§ PROBLEM: What you return must be the complete listing, unchanged.

§ EXERCISE INPUT:
Lemma p_x_gt0 x t : 0 < p_x x t -> x <= phat t - p_x x t.
Proof.
rewrite /Defs.p_x; case: ifPn => [_|]; first by rewrite ltxx.
rewrite -ltNge => lt_x; case: ifPn => [_ _|]; first lra.
by rewrite -leNgt => le_x1 _; lra.
Qed.

Lemma equilibrium_p_x x s : 0 < lam -> (forall t, 0 < v t) -> mixed_strategy k s ->
  (forall t, marginal k s t = p_x x t) -> equilibrium k lam v s.
Proof.
move=> lam_gt0 v_gt0 s_mixed s_marg; split => // _ _ s' s'_mixed.
have [K vE] := v_expR_phat (lt0r_neq0 lam_gt0) v_gt0.
rewrite !utilityE; apply: (@threshold_sum_le _ _ _ _ _ (expR (K + lam * x))).
- exact: marginal_range.
- by rewrite !sum_marginal.
- move=> t; rewrite vE -expRD ler_expR s_marg => /p_x_lt1; nra.
- move=> t; rewrite vE -expRD ler_expR s_marg => /p_x_gt0; nra.
Qed.

End WaterFilling.

Theorem theorem3p2 (R : realType) (T : finType) (k : nat) (lam : R)
  (v : T -> R) (xhat : R) :
  (0 < k)%N -> 0 < lam -> (k <= #|T|)%N -> (forall tx, 0 < v tx) ->
  xeq_lhs k lam v xhat = k%:R ->
  (forall y : R, xeq_lhs k lam v y = k%:R -> xhat <= y) ->
  (forall tx, 0 <= p_x k lam v xhat tx <= 1) /\
  \sum_(tx : T) p_x k lam v xhat tx = k%:R /\
  (exists s : {set T} -> R, mixed_strategy k s /\
      forall tx, marginal k s tx = p_x k lam v xhat tx) /\
  (forall s : {set T} -> R, mixed_strategy k s ->
      (forall tx, marginal k s tx = p_x k lam v xhat tx) ->
      equilibrium k lam v s).
Proof.
move=> _ lam_gt0 _ v_gt0 xhat_sol _.
have p_sum : \sum_tx p_x k lam v xhat tx = k%:R.
  by rewrite -xhat_sol; apply: eq_bigr => tx _; rewrite p_xE.
split; first exact: p_x_range.
split; first exact: p_sum.
split; first exact: realizable_marginals (p_x_range _ _ _ _ _ xhat) p_sum.
by move=> s s_mixed; apply: equilibrium_p_x.
Qed.
Lemma householder_reflection p u : dot p p = 1 -> dot u u = 1 ->
  exists2 Q : 'M[R]_n, orthogonal_mx Q & p *m Q = u.
Proof.
move=> pp uu; have [<-|p_neq_u] := eqVneq p u.
  by exists 1%:M; rewrite ?mulmx1 // /orthogonal_mx trmx1 mulmx1.
pose w := p - u; pose b := 2 / dot w w.
have ww_neq0 : dot w w != 0.
  by apply: contraNneq p_neq_u => /dot_eq0 /eqP; rewrite subr_eq0.
have ww_2pw : dot w w = 2 * dot p w.
  by rewrite /w !dotBl !dotBr pp uu (dotC u p); ring.
pose M := w^T *m w; pose Q := 1%:M - b *: M.
have MM : M *m M = dot w w *: M.
  by rewrite /M mulmxA -(mulmxA w^T) mul_trmx_row mul_mx_scalar -scalemxAl.
have QT : Q^T = Q by rewrite /Q linearB /= linearZ /= trmx1 /M trmx_mul trmxK.
exists Q.
  rewrite /orthogonal_mx QT /Q mulmxBl mul1mx mulmxBr mulmx1.
  rewrite -scalemxAl -scalemxAr MM !scalerA.
  have -> : b * b * dot w w = 2 * b by rewrite /b; field.
  by apply/matrixP => i j; rewrite !mxE; ring.
rewrite /Q mulmxBr mulmx1 -scalemxAr /M mulmxA mul_trmx_row mul_scalar_mx scalerA.
have pw_neq0 : dot p w != 0.
  by apply: contraNneq ww_neq0; rewrite ww_2pw => ->; rewrite mulr0.
have -> : b * dot p w = 1 by rewrite /b ww_2pw; field.
by rewrite scale1r /w opprB addrC subrK.
Qed.

Lemma dball_orthogonal_preimage (Q : 'M[R]_n) p u (e : R) :
  orthogonal_mx Q -> p *m Q = u ->
  (fun x => x *m Q) @^-1` dball u e = dball p e.
Proof.
move=> Q_orth <-; apply/seteqP; split => x.
  by rewrite /dball /= -mulmxBl dot_orthogonal_mx.
by rewrite /dball /= -mulmxBl dot_orthogonal_mx.
Qed.

End OrthogonalTransport.

Section UniformOnSphere.
Context {R : realType} {n : nat} {d : measure_display} {T : measurableType d}.
Variable Pr : probability T R.
(* Let $d\ge 2$, let $P\subset\mathbb{R}^d$ be a generic convex simplicial $d$-dimensional polytope, and let $P'\subset\mathbb{R}^{d+1}$ be its lifting. Let $P_+$ be the intersection, over all facets $F$ of $P'$, of the closed upper half-spaces bounded by $\mathrm{aff}(F)$, and let $T_+$ be the intersection, over all facets $F$ of $P'$, of the closed upper half-spaces bounded by the hyperplane through the origin parallel to $\mathrm{aff}(F)$. Then for each facet of $T_+$ there is an unbounded facet of $P_+$ parallel to it.
   Context: $P$ is generic if no $d+2$ of its vertices lie on a common $(d-1)$-dimensional sphere and $P$ is not a $d$-simplex. With $V$ the vertex set of $P$ and $f(x_1,\dots,x_d)=(x_1,\dots,x_d,x_1^2+\dots+x_d^2)$, the lifting $P'$ is the convex hull of $f(V)$ in $\mathbb{R}^{d+1}$; it is a $(d+1)$-dimensional simplicial polytope none of whose facet hyperplanes is vertical (i.e. every facet normal has nonzero last coordinate). For a non-vertical hyperplane $H$ in $\mathbb{R}^{d+1}$, its closed upper half-space is the set of points lying on or above $H$ with respect to the last coordinate. *)

From HB Require Import structures.
From mathcomp Require Import all_boot all_order all_algebra.
From mathcomp Require Import classical_sets reals.
Set Implicit Arguments. Unset Strict Implicit. Unset Printing Implicit Defensive.
Import Order.TTheory GRing.Theory Num.Theory.
Local Open Scope ring_scope.
Local Open Scope classical_set_scope.

Section Geom.
Variable R : realType.

Definition dotp (n : nat) (x y : 'rV[R]_n) : R := \sum_(i < n) x 0 i * y 0 i.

§ COMPLETED EXERCISE:
Lemma p_x_gt0 x t : 0 < p_x x t -> x <= phat t - p_x x t.
Proof.
rewrite /Defs.p_x; case: ifPn => [_|]; first by rewrite ltxx.
rewrite -ltNge => lt_x; case: ifPn => [_ _|]; first lra.
by rewrite -leNgt => le_x1 _; lra.
Qed.

Lemma equilibrium_p_x x s : 0 < lam -> (forall t, 0 < v t) -> mixed_strategy k s ->
  (forall t, marginal k s t = p_x x t) -> equilibrium k lam v s.
Proof.
move=> lam_gt0 v_gt0 s_mixed s_marg; split => // _ _ s' s'_mixed.
have [K vE] := v_expR_phat (lt0r_neq0 lam_gt0) v_gt0.
rewrite !utilityE; apply: (@threshold_sum_le _ _ _ _ _ (expR (K + lam * x))).
- exact: marginal_range.
- by rewrite !sum_marginal.
- move=> t; rewrite vE -expRD ler_expR s_marg => /p_x_lt1; nra.
- move=> t; rewrite vE -expRD ler_expR s_marg => /p_x_gt0; nra.
Qed.

End WaterFilling.

Theorem theorem3p2 (R : realType) (T : finType) (k : nat) (lam : R)
  (v : T -> R) (xhat : R) :
  (0 < k)%N -> 0 < lam -> (k <= #|T|)%N -> (forall tx, 0 < v tx) ->
  xeq_lhs k lam v xhat = k%:R ->
  (forall y : R, xeq_lhs k lam v y = k%:R -> xhat <= y) ->
  (forall tx, 0 <= p_x k lam v xhat tx <= 1) /\
  \sum_(tx : T) p_x k lam v xhat tx = k%:R /\
  (exists s : {set T} -> R, mixed_strategy k s /\
      forall tx, marginal k s tx = p_x k lam v xhat tx) /\
  (forall s : {set T} -> R, mixed_strategy k s ->
      (forall tx, marginal k s tx = p_x k lam v xhat tx) ->
      equilibrium k lam v s).
Proof.
move=> _ lam_gt0 _ v_gt0 xhat_sol _.
have p_sum : \sum_tx p_x k lam v xhat tx = k%:R.
  by rewrite -xhat_sol; apply: eq_bigr => tx _; rewrite p_xE.
split; first exact: p_x_range.
split; first exact: p_sum.
split; first exact: realizable_marginals (p_x_range _ _ _ _ _ xhat) p_sum.
by move=> s s_mixed; apply: equilibrium_p_x.
Qed.
Lemma householder_reflection p u : dot p p = 1 -> dot u u = 1 ->
  exists2 Q : 'M[R]_n, orthogonal_mx Q & p *m Q = u.
Proof.
move=> pp uu; have [<-|p_neq_u] := eqVneq p u.
  by exists 1%:M; rewrite ?mulmx1 // /orthogonal_mx trmx1 mulmx1.
pose w := p - u; pose b := 2 / dot w w.
have ww_neq0 : dot w w != 0.
  by apply: contraNneq p_neq_u => /dot_eq0 /eqP; rewrite subr_eq0.
have ww_2pw : dot w w = 2 * dot p w.
  by rewrite /w !dotBl !dotBr pp uu (dotC u p); ring.
pose M := w^T *m w; pose Q := 1%:M - b *: M.
have MM : M *m M = dot w w *: M.
  by rewrite /M mulmxA -(mulmxA w^T) mul_trmx_row mul_mx_scalar -scalemxAl.
have QT : Q^T = Q by rewrite /Q linearB /= linearZ /= trmx1 /M trmx_mul trmxK.
exists Q.
  rewrite /orthogonal_mx QT /Q mulmxBl mul1mx mulmxBr mulmx1.
  rewrite -scalemxAl -scalemxAr MM !scalerA.
  have -> : b * b * dot w w = 2 * b by rewrite /b; field.
  by apply/matrixP => i j; rewrite !mxE; ring.
rewrite /Q mulmxBr mulmx1 -scalemxAr /M mulmxA mul_trmx_row mul_scalar_mx scalerA.
have pw_neq0 : dot p w != 0.
  by apply: contraNneq ww_neq0; rewrite ww_2pw => ->; rewrite mulr0.
have -> : b * dot p w = 1 by rewrite /b ww_2pw; field.
by rewrite scale1r /w opprB addrC subrK.
Qed.

Lemma dball_orthogonal_preimage (Q : 'M[R]_n) p u (e : R) :
  orthogonal_mx Q -> p *m Q = u ->
  (fun x => x *m Q) @^-1` dball u e = dball p e.
Proof.
move=> Q_orth <-; apply/seteqP; split => x.
  by rewrite /dball /= -mulmxBl dot_orthogonal_mx.
by rewrite /dball /= -mulmxBl dot_orthogonal_mx.
Qed.

End OrthogonalTransport.

Section UniformOnSphere.
Context {R : realType} {n : nat} {d : measure_display} {T : measurableType d}.
Variable Pr : probability T R.
(* Let $d\ge 2$, let $P\subset\mathbb{R}^d$ be a generic convex simplicial $d$-dimensional polytope, and let $P'\subset\mathbb{R}^{d+1}$ be its lifting. Let $P_+$ be the intersection, over all facets $F$ of $P'$, of the closed upper half-spaces bounded by $\mathrm{aff}(F)$, and let $T_+$ be the intersection, over all facets $F$ of $P'$, of the closed upper half-spaces bounded by the hyperplane through the origin parallel to $\mathrm{aff}(F)$. Then for each facet of $T_+$ there is an unbounded facet of $P_+$ parallel to it.
   Context: $P$ is generic if no $d+2$ of its vertices lie on a common $(d-1)$-dimensional sphere and $P$ is not a $d$-simplex. With $V$ the vertex set of $P$ and $f(x_1,\dots,x_d)=(x_1,\dots,x_d,x_1^2+\dots+x_d^2)$, the lifting $P'$ is the convex hull of $f(V)$ in $\mathbb{R}^{d+1}$; it is a $(d+1)$-dimensional simplicial polytope none of whose facet hyperplanes is vertical (i.e. every facet normal has nonzero last coordinate). For a non-vertical hyperplane $H$ in $\mathbb{R}^{d+1}$, its closed upper half-space is the set of points lying on or above $H$ with respect to the last coordinate. *)

From HB Require Import structures.
From mathcomp Require Import all_boot all_order all_algebra.
From mathcomp Require Import classical_sets reals.
Set Implicit Arguments. Unset Strict Implicit. Unset Printing Implicit Defensive.
Import Order.TTheory GRing.Theory Num.Theory.
Local Open Scope ring_scope.
Local Open Scope classical_set_scope.

Section Geom.
Variable R : realType.

Definition dotp (n : nat) (x y : 'rV[R]_n) : R := \sum_(i < n) x 0 i * y 0 i.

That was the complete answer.